### TASK DIRECTIONS
Copy word for word, please, the lines of the entries below running from the one containing "Local Notation qcoord := (@qcoord 'Z_2 n)." to the one containing "d)) /mkseq count_map.", both ends included.

Recorded data:
★ ★ ★ ★

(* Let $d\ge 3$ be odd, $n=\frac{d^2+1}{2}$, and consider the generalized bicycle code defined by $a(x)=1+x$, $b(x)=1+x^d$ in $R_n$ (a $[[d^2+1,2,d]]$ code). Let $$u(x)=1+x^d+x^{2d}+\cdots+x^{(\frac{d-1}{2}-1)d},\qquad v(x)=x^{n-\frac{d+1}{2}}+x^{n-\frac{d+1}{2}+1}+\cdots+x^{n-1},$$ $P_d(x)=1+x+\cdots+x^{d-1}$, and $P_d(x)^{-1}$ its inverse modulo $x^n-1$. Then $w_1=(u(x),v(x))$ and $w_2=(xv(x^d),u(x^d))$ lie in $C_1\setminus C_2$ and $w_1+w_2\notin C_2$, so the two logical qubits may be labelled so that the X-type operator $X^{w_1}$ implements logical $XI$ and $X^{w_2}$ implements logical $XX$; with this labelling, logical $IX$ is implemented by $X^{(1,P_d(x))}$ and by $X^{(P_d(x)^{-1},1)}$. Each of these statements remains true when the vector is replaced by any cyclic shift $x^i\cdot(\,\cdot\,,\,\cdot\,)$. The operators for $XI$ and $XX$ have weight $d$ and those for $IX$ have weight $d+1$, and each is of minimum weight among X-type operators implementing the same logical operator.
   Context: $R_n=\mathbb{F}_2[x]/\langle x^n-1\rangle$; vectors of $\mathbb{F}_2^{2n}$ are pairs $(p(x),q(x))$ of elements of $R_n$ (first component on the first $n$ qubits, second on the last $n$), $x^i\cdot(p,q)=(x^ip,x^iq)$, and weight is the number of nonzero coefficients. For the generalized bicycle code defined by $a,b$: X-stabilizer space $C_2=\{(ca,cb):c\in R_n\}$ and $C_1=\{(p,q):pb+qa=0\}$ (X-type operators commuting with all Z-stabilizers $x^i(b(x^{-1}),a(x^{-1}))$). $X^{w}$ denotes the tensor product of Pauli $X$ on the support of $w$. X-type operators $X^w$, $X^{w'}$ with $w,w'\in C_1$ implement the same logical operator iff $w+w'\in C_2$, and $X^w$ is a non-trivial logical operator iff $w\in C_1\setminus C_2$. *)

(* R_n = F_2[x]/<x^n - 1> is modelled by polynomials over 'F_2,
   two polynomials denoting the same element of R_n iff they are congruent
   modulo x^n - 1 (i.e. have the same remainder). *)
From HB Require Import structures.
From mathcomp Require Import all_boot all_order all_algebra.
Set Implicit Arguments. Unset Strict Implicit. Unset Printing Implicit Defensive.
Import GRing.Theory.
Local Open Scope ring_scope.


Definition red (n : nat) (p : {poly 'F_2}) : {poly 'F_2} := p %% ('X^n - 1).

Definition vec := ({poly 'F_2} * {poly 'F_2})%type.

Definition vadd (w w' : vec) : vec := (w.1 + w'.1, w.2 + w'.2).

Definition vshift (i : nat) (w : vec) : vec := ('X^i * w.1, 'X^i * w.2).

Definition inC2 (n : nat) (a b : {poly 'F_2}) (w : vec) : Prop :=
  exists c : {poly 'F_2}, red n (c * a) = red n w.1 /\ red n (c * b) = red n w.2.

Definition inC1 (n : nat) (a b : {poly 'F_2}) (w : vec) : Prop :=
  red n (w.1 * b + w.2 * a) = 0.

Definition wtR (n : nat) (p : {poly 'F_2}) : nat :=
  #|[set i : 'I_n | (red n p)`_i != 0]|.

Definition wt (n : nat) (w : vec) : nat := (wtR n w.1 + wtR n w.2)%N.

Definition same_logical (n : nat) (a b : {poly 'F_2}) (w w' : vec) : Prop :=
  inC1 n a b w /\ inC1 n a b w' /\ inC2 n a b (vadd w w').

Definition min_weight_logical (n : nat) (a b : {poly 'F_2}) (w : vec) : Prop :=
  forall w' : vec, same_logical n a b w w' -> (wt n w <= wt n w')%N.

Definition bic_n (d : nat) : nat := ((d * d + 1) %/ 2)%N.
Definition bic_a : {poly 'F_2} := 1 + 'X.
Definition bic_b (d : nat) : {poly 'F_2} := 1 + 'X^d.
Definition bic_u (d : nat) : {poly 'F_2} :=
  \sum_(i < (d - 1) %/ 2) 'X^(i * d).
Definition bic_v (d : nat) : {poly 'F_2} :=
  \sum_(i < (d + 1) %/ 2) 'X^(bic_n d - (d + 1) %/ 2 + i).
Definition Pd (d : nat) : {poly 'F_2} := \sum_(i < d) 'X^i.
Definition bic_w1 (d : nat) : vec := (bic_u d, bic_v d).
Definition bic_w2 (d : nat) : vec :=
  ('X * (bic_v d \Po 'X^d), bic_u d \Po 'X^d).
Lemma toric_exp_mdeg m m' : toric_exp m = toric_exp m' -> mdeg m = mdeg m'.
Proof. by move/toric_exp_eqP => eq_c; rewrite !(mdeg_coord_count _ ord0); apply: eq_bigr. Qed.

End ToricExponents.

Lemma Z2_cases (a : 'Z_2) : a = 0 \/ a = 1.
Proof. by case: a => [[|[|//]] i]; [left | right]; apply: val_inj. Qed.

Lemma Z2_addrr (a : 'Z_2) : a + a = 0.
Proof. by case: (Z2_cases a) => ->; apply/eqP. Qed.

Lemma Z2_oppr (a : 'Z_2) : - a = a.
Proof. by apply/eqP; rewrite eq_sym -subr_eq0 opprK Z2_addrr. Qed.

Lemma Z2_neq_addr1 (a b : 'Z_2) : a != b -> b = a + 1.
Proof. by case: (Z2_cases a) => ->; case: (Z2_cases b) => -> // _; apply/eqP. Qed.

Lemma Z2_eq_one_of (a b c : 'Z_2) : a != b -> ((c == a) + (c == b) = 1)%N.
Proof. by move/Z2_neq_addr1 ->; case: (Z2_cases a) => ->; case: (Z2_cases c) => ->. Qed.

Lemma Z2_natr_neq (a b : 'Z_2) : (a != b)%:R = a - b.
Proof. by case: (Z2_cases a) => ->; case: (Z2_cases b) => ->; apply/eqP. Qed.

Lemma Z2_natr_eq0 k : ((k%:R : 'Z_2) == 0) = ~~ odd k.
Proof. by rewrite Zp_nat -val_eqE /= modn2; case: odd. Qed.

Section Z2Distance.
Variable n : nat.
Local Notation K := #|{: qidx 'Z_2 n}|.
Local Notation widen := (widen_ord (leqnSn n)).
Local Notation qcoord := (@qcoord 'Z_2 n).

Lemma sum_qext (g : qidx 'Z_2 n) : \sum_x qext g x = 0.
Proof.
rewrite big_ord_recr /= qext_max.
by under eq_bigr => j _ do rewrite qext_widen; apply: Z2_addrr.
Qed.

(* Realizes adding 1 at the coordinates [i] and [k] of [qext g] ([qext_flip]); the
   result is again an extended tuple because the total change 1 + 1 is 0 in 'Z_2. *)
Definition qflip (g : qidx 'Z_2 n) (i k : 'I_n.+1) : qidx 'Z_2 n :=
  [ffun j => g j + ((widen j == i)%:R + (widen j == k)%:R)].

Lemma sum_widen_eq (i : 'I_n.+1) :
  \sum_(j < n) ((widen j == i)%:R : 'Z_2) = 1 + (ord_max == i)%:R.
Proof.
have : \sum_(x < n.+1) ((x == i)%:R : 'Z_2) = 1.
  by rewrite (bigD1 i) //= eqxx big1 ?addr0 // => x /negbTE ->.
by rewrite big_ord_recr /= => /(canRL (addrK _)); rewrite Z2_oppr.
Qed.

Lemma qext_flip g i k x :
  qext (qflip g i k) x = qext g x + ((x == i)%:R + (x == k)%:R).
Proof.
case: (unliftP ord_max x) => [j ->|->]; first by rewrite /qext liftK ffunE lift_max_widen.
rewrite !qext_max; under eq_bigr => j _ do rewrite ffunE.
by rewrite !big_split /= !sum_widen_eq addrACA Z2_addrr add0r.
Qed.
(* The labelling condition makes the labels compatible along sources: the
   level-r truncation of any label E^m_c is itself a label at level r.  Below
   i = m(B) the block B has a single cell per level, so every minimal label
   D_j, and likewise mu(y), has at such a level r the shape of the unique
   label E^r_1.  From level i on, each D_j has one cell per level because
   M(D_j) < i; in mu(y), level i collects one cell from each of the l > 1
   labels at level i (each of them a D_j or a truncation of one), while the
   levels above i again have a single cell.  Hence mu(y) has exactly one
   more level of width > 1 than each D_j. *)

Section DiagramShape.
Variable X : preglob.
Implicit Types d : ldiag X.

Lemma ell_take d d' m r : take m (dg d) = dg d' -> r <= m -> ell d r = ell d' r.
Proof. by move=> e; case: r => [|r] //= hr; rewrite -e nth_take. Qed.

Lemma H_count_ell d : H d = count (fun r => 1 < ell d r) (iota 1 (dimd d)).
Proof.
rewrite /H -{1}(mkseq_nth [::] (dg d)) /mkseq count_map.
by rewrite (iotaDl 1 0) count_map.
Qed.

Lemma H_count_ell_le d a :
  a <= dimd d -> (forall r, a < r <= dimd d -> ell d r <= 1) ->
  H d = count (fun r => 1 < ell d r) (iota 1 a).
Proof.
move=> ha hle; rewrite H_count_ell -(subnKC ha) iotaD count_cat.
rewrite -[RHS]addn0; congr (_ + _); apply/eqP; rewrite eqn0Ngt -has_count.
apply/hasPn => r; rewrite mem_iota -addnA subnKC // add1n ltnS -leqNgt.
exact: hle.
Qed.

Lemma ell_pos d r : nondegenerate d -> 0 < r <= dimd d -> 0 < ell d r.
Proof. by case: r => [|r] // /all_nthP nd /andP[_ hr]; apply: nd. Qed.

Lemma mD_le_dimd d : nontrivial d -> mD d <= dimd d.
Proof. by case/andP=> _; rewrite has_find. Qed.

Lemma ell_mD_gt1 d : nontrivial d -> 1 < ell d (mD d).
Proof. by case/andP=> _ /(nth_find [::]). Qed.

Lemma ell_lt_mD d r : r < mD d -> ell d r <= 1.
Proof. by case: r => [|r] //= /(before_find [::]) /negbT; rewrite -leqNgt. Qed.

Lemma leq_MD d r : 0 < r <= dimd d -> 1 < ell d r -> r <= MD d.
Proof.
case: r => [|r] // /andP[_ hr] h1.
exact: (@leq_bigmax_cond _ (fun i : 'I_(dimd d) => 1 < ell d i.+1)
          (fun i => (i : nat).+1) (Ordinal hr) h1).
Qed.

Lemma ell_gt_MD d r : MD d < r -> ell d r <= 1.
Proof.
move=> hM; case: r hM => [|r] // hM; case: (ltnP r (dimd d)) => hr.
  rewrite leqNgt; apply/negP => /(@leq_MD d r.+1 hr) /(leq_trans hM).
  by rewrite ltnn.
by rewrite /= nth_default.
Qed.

★ ★ ★ ★

### SOLUTION TO THIS TASK
Local Notation qcoord := (@qcoord 'Z_2 n).

Lemma sum_qext (g : qidx 'Z_2 n) : \sum_x qext g x = 0.
Proof.
rewrite big_ord_recr /= qext_max.
by under eq_bigr => j _ do rewrite qext_widen; apply: Z2_addrr.
Qed.

(* Realizes adding 1 at the coordinates [i] and [k] of [qext g] ([qext_flip]); the
   result is again an extended tuple because the total change 1 + 1 is 0 in 'Z_2. *)
Definition qflip (g : qidx 'Z_2 n) (i k : 'I_n.+1) : qidx 'Z_2 n :=
  [ffun j => g j + ((widen j == i)%:R + (widen j == k)%:R)].

Lemma sum_widen_eq (i : 'I_n.+1) :
  \sum_(j < n) ((widen j == i)%:R : 'Z_2) = 1 + (ord_max == i)%:R.
Proof.
have : \sum_(x < n.+1) ((x == i)%:R : 'Z_2) = 1.
  by rewrite (bigD1 i) //= eqxx big1 ?addr0 // => x /negbTE ->.
by rewrite big_ord_recr /= => /(canRL (addrK _)); rewrite Z2_oppr.
Qed.

Lemma qext_flip g i k x :
  qext (qflip g i k) x = qext g x + ((x == i)%:R + (x == k)%:R).
Proof.
case: (unliftP ord_max x) => [j ->|->]; first by rewrite /qext liftK ffunE lift_max_widen.
rewrite !qext_max; under eq_bigr => j _ do rewrite ffunE.
by rewrite !big_split /= !sum_widen_eq addrACA Z2_addrr add0r.
Qed.
(* The labelling condition makes the labels compatible along sources: the
   level-r truncation of any label E^m_c is itself a label at level r.  Below
   i = m(B) the block B has a single cell per level, so every minimal label
   D_j, and likewise mu(y), has at such a level r the shape of the unique
   label E^r_1.  From level i on, each D_j has one cell per level because
   M(D_j) < i; in mu(y), level i collects one cell from each of the l > 1
   labels at level i (each of them a D_j or a truncation of one), while the
   levels above i again have a single cell.  Hence mu(y) has exactly one
   more level of width > 1 than each D_j. *)

Section DiagramShape.
Variable X : preglob.
Implicit Types d : ldiag X.

Lemma ell_take d d' m r : take m (dg d) = dg d' -> r <= m -> ell d r = ell d' r.
Proof. by move=> e; case: r => [|r] //= hr; rewrite -e nth_take. Qed.

Lemma H_count_ell d : H d = count (fun r => 1 < ell d r) (iota 1 (dimd d)).
Proof.
rewrite /H -{1}(mkseq_nth [::] (dg d)) /mkseq count_map.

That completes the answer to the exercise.